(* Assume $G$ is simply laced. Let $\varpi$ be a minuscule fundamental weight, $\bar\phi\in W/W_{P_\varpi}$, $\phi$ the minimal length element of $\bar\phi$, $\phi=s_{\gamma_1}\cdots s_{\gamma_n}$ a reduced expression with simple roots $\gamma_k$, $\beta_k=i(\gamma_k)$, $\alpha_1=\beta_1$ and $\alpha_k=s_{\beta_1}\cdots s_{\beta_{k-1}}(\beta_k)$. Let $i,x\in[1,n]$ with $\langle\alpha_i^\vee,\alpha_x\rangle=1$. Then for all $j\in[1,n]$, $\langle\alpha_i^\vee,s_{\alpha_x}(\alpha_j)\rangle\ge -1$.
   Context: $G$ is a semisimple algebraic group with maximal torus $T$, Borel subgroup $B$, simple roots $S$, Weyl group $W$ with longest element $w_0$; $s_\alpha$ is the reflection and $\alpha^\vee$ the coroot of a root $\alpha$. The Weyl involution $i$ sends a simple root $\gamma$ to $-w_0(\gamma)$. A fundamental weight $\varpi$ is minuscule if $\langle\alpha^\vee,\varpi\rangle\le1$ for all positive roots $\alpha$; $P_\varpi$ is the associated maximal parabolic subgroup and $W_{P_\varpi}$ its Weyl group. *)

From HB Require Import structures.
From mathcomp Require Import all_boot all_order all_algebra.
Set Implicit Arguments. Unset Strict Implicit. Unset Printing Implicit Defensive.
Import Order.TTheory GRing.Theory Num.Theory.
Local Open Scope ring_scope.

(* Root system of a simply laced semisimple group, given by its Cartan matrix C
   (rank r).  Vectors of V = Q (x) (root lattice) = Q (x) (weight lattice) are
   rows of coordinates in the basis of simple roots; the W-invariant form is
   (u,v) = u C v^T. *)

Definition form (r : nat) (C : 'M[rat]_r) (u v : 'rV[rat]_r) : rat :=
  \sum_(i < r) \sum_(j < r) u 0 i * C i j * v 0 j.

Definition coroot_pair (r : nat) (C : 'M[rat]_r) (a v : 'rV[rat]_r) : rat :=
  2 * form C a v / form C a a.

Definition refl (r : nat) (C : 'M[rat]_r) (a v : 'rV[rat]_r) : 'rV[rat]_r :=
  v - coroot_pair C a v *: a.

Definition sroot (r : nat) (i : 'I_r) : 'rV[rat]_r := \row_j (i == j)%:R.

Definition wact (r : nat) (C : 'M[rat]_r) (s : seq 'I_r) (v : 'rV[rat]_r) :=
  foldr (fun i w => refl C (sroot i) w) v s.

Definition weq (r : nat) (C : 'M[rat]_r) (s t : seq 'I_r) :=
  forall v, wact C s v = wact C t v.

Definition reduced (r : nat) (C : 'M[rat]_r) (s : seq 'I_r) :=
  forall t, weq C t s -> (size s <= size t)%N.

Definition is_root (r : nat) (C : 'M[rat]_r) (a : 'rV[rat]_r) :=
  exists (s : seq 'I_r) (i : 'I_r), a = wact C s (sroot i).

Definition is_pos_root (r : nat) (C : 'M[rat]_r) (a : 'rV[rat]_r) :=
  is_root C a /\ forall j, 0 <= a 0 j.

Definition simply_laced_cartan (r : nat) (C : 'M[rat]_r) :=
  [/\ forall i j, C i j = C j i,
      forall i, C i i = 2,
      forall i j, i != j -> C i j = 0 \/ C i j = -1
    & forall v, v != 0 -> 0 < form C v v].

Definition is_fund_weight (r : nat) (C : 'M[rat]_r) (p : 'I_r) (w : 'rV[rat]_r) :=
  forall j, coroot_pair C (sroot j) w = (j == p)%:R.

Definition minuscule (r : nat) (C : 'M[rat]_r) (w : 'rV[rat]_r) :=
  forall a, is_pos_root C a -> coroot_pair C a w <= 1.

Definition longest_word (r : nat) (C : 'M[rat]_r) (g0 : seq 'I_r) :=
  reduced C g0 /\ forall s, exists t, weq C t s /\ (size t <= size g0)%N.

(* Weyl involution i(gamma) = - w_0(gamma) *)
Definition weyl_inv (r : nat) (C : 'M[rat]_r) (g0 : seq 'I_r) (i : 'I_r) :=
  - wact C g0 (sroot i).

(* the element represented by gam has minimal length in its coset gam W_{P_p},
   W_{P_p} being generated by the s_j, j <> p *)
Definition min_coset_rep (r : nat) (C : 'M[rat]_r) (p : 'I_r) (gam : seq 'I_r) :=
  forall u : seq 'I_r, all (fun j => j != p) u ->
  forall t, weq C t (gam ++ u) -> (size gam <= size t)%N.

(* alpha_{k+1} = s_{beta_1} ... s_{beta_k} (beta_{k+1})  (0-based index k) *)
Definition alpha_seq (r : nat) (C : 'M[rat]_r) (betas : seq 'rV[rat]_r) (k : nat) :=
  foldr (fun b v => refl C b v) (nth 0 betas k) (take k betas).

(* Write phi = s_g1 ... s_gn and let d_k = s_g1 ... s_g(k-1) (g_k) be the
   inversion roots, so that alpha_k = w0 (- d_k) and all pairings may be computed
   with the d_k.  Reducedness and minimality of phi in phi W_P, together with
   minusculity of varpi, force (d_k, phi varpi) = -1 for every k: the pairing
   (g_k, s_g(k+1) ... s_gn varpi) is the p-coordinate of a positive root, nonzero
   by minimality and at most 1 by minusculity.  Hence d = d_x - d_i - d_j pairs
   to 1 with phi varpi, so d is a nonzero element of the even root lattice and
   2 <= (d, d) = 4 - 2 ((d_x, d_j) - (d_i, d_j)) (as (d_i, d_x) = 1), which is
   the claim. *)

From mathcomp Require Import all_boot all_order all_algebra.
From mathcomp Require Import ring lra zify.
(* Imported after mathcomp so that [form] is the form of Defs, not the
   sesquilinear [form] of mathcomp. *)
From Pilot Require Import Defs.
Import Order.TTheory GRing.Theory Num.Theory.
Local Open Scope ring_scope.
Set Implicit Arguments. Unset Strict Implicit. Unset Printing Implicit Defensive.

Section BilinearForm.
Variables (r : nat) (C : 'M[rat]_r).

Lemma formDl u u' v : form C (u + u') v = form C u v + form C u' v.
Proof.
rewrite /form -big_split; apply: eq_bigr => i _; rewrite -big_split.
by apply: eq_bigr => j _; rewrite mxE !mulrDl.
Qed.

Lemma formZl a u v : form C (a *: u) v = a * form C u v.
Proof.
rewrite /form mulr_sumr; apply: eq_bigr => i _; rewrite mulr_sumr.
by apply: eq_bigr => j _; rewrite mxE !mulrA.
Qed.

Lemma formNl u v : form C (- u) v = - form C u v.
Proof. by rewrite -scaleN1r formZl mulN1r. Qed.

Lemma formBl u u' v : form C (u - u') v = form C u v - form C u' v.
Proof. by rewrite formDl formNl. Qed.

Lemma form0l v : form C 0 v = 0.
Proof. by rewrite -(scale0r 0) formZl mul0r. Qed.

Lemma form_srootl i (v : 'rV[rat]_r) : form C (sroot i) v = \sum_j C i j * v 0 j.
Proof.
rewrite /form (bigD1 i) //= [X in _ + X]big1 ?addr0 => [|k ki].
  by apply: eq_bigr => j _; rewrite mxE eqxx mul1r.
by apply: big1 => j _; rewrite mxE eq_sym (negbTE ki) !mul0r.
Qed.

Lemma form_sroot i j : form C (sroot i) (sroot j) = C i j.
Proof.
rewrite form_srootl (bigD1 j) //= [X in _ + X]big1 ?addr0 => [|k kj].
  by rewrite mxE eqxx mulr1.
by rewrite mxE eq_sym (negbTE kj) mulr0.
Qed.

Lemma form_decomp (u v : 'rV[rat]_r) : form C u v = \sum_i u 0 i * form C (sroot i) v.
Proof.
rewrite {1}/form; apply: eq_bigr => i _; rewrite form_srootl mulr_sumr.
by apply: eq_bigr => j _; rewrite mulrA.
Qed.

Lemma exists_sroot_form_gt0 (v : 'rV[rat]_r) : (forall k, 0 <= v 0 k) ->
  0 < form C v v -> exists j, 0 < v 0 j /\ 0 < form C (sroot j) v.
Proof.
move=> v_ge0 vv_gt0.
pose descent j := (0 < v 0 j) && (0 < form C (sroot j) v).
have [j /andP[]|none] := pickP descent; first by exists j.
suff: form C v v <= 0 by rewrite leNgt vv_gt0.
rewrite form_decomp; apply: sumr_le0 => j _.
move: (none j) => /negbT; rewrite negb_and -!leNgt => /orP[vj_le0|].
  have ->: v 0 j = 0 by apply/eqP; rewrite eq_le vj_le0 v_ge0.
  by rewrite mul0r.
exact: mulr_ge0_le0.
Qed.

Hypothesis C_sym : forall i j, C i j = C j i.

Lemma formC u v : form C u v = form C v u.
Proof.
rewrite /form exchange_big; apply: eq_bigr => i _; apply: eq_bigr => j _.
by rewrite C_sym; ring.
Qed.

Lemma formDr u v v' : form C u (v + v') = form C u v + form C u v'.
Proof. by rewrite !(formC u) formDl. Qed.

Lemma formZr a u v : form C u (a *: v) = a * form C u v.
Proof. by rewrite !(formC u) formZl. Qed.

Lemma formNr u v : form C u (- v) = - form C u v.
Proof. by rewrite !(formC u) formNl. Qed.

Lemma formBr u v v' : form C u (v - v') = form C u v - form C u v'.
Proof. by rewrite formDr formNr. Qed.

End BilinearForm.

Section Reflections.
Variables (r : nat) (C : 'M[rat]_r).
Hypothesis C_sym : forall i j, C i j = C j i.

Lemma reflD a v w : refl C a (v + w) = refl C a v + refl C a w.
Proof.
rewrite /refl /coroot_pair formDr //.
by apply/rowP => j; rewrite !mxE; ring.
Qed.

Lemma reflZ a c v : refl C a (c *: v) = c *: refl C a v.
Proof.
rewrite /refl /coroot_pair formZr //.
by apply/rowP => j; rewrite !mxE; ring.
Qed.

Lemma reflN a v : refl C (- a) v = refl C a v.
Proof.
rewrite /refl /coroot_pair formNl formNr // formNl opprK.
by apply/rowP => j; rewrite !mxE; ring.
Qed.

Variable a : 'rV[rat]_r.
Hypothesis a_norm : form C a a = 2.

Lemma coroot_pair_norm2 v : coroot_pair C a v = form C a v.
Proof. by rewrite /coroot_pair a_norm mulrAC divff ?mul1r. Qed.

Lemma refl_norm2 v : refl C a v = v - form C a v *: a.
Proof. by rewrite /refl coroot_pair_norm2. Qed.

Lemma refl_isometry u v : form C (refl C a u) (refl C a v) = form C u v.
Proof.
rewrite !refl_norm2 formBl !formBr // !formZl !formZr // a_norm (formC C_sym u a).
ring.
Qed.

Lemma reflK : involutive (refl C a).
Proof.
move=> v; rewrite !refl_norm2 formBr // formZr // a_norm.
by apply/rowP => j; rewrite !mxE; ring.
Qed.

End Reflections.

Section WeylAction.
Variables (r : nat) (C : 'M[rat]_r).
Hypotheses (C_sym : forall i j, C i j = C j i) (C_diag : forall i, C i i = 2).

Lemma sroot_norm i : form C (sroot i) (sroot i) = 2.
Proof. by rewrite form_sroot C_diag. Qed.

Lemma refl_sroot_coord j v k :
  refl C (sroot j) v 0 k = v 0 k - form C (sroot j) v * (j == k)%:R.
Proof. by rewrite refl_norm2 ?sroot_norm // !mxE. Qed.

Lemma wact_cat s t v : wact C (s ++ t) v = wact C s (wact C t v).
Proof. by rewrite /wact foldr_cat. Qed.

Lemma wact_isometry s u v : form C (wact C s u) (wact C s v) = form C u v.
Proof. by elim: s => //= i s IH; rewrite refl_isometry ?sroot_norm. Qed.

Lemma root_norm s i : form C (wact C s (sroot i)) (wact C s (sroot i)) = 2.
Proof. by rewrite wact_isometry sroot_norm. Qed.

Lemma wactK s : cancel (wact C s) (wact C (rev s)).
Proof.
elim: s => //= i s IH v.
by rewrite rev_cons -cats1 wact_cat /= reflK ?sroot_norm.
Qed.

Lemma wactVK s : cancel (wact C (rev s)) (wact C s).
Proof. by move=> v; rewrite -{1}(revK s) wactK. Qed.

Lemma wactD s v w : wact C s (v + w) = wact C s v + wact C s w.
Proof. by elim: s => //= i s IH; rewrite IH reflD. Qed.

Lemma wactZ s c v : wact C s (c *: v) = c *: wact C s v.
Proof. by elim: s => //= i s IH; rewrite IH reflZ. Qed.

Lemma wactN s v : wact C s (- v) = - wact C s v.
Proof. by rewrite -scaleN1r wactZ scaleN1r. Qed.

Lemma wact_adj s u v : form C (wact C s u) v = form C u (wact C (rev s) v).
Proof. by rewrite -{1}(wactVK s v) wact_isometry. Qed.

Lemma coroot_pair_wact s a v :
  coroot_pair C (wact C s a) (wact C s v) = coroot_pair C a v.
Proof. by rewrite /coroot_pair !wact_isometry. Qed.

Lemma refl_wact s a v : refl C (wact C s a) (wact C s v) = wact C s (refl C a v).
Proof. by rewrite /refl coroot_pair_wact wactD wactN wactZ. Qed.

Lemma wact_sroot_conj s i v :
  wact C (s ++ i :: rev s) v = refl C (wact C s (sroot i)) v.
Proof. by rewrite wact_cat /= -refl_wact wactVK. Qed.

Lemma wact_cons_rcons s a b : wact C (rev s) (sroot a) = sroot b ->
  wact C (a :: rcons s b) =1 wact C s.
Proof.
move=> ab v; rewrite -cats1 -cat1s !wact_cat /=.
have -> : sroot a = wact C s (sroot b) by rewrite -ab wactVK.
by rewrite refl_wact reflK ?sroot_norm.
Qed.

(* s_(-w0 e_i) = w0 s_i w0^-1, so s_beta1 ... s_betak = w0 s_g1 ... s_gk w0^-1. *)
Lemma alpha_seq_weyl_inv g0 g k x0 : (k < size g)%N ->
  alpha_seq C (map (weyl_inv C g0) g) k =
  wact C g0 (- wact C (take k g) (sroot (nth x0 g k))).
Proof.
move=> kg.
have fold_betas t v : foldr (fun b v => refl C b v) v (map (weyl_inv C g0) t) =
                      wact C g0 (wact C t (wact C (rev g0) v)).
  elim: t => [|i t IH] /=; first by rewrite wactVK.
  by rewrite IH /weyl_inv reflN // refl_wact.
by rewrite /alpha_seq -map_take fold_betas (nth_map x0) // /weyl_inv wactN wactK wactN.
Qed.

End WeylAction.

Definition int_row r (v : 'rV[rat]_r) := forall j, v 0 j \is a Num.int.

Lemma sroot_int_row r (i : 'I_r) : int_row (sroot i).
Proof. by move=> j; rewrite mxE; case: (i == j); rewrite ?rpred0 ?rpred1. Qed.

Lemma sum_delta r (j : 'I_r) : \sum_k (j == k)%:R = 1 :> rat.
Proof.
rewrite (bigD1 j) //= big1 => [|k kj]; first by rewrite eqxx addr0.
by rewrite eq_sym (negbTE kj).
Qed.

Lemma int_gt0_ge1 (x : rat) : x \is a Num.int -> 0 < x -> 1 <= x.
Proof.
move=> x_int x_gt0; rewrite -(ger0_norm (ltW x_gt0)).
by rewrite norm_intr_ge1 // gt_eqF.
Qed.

--------------------

▶ **Description of the task**:
Your reply is to repeat, unchanged, the lines above running from the one with "Proof. by rewrite form_sroot C_diag. Qed." up to and including the one with "Proof. by rewrite /wact foldr_cat. Qed.".

▶ **Answer to the problem**:
Proof. by rewrite form_sroot C_diag. Qed.

Lemma refl_sroot_coord j v k :
  refl C (sroot j) v 0 k = v 0 k - form C (sroot j) v * (j == k)%:R.
Proof. by rewrite refl_norm2 ?sroot_norm // !mxE. Qed.

Lemma wact_cat s t v : wact C (s ++ t) v = wact C s (wact C t v).
Proof. by rewrite /wact foldr_cat. Qed.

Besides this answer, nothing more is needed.